"Hunter Hunter" a brutally effective, chillingly visceral gut-punch

Hunter Hunter (2020)

A brutally effective survival horror film in the spare clothing of Debra Granik’s “Leave No Trace,” “Hunter Hunter” suggests that the hunters can become the hunted. Writer-director Shawn Linden traps audiences into thinking they will be getting one kind of film. It’s startling and ruthless the first way, but nothing can prepare one for the direction it takes, followed by a shockingly nasty and haunting final note. “Hunter Hunter” can be a grimly unpleasant and nihilistic experience, but it keeps you hooked and then packs an unforgettably savage punch that fully earns it.


Joe (Devon Sawa) and wife Anne (Camille Sullivan) live off the grid as fur trappers in a cabin nestled within the Manitoba wilderness in the 1990s. Joe shows their 12-year-old daughter Renée (Summer H. Howell) the ropes in how to hunt and skin animals for meat and shoot a .22, while Anne worries how their unsustainable way of life and selling of pelts will help them make ends meet.

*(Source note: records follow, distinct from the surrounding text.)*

Lemma closed_is_dist (T : topologicalType) (X : finType) (p : T -> X -> R) :
  (forall y, continuous (p^~ y)) -> closed [set t | is_dist (p t)].
Proof.
move=> p_cont; apply: closed_and.
  apply: closed_forall => y.
  by apply: closed_le_continuous; [exact: cst_continuous | exact: p_cont].
apply: closed_eq_continuous; last exact: cst_continuous.
by apply: continuous_big => [|y _]; [exact: add_continuous | exact: p_cont].
Qed.

Lemma continuous_payoff (T : topologicalType) u
    (s : T -> Omega -> M -> R) (r : T -> M -> A -> R) :
    (forall w m, continuous (fun t => s t w m)) ->
    (forall m a, continuous (fun t => r t m a)) ->
  continuous (fun t => payoff mu0 u (s t) (r t)).
Proof.
move=> s_cont r_cont; rewrite /payoff.
do 3!(apply: continuous_big => [|? _]; first exact: add_continuous).
apply: continuous_mul; last exact: cst_continuous.
apply: continuous_mul; last exact: r_cont.
by apply: continuous_mul; [exact: cst_continuous | exact: s_cont].
Qed.

(* Profiles are encoded as row vectors, whose finite products of segments are compact. *)
Local Notation I := ((Omega * M) + (M * A))%type.
Local Notation V := 'rV[R]_#|{: I}|.

Definition msg_of_vec (v : V) : Omega -> M -> R :=
  fun w m => v ord0 (enum_rank (inl (w, m) : I)).
Definition act_of_vec (v : V) : M -> A -> R :=
  fun m a => v ord0 (enum_rank (inr (m, a) : I)).
Definition vec_of_profile (sigma : Omega -> M -> R) (rho : M -> A -> R) : V :=
  \row_i match enum_val i with inl (w, m) => sigma w m | inr (m, a) => rho m a end.

Lemma msg_of_vecK sigma rho : msg_of_vec (vec_of_profile sigma rho) = sigma.
Proof. by apply: funext => w; apply: funext => m; rewrite /msg_of_vec mxE enum_rankK. Qed.

Lemma act_of_vecK sigma rho : act_of_vec (vec_of_profile sigma rho) = rho.
Proof. by apply: funext => m; apply: funext => a; rewrite /act_of_vec mxE enum_rankK. Qed.

Lemma closed_R_BR uR : closed [set v : V | R_BR mu0 uR (msg_of_vec v) (act_of_vec v)].
Proof.
apply: closed_and.
  by apply: closed_forall => w; apply: closed_is_dist => m; exact: coord_continuous.
apply: closed_and.
  by apply: closed_forall => m; apply: closed_is_dist => a; exact: coord_continuous.
apply: closed_forall => rho; apply: closed_implies.
by apply: closed_le_continuous; apply: continuous_payoff => *;
  first [exact: coord_continuous | exact: cst_continuous].
Qed.

Lemma persuasion_value_exists (uS uR : A -> Omega -> R) :
    (exists (sigma : Omega -> M -> R) rho, R_BR mu0 uR sigma rho) ->
  exists v, is_max (persuasion_profile (M := M) mu0 uR) (payoff mu0 uS) v.
Proof.
move=> [sigma0 [rho0 BR0]].
pose K := [set v : V | forall i, `[0, 1] (v ord0 i)] `&`
          [set v | R_BR mu0 uR (msg_of_vec v) (act_of_vec v)].
have K_compact : compact K.
  apply: compact_closedI; last exact: closed_R_BR.
  by apply: (@rV_compact _ _ (fun=> `[0 : R, 1])) => _; exact: segment_compact.
have K_profile sigma rho : R_BR mu0 uR sigma rho -> K (vec_of_profile sigma rho).
  move=> BR; split; last by rewrite /= msg_of_vecK act_of_vecK.
  move=> i /=; rewrite /vec_of_profile mxE in_itv /=.
  case: (enum_val i) => [[w m]|[m a]]; first exact: is_dist_bounds (BR.1 w).
  exact: is_dist_bounds (BR.2.1 m).
have payoff_cont :
    {within K, continuous (fun v => payoff mu0 uS (msg_of_vec v) (act_of_vec v))}.
  by apply: continuous_subspaceT; apply: continuous_payoff => *; exact: coord_continuous.
have [c /set_mem [_ c_BR] c_max] :=
  compact_EVT_max (ex_intro _ _ (K_profile _ _ BR0)) K_compact payoff_cont.
exists (payoff mu0 uS (msg_of_vec c) (act_of_vec c)); split.
  by exists (msg_of_vec c), (act_of_vec c).
move=> sigma rho BR; have := c_max (vec_of_profile sigma rho).
by rewrite msg_of_vecK act_of_vecK; apply; apply/mem_set/K_profile.
Qed.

When Joe and Renée make their way along their trapline, they find a raccoon leg caught in the trap, signaling the return of a wolf that keeps stealing their food supply. Determined to catch the predator that may not be a wolf, Joe leaves his family, while Anne, Renée, and their dog must survive on their own. That becomes a little harder when an injured stranger (played by a menacing-before-even-waking-up Nick Stahl) ends up on their land to assure Anne they should have moved to the city.

Writer-director Shawn Linden deliberately draws the viewer into the hard life that Joe has made for his family. Linden sets up a red herring, only to raise the stakes when we know what Joe knows that Anne and Renée do not. By separating the family, Anne cannot even turn to help from the wolf by the local Fish and Wildlife officers (Gabriel Daniels, Lauren Cochrane) who are more curious about why the family is living in the forest. Even though it’s by accident when Anne shoots a fawn and doesn’t want to waste the meat, Renee then shows her mother how to skin an animal for dinner (and this skill will matter later on).
 


“Hunter Hunter” is a deceptively simple slow-burn of a film, making the payoff even more cathartic. Former Tiger Beat heartthrob Devon Sawa (2019’s “The Fanatic”) brings a gruff dedication to Joe, who will not sway from his way of life even if his family is close to starvation, but it is Camille Sullivan, as Anne, who carries most of the film and undergoes the most dramatic character arc. Playing a hunter’s wife who does all of the cabin duties—fetching for water is an anxiety attack when knowing there’s a wolf out there—Sullivan’s Anne is never a nag, and her decisions always make sense, logically and emotionally. Cued to an unexpected musical choice (“Hypnotized Narcissist” by Tales of Murder and Dust), the film’s ending is chillingly visceral, gutting you and making you sit with the unsparing pain and irreversible actions of one of the characters. Best to know as little as possible going in, "Hunter Hunter" is bleak-as-hell stuff that brands itself into your bulging eyeballs.


Grade: B +


IFC Midnight is releasing “Hunter Hunter” (94 min.) in select theaters, on digital and on demand on December 18, 2020.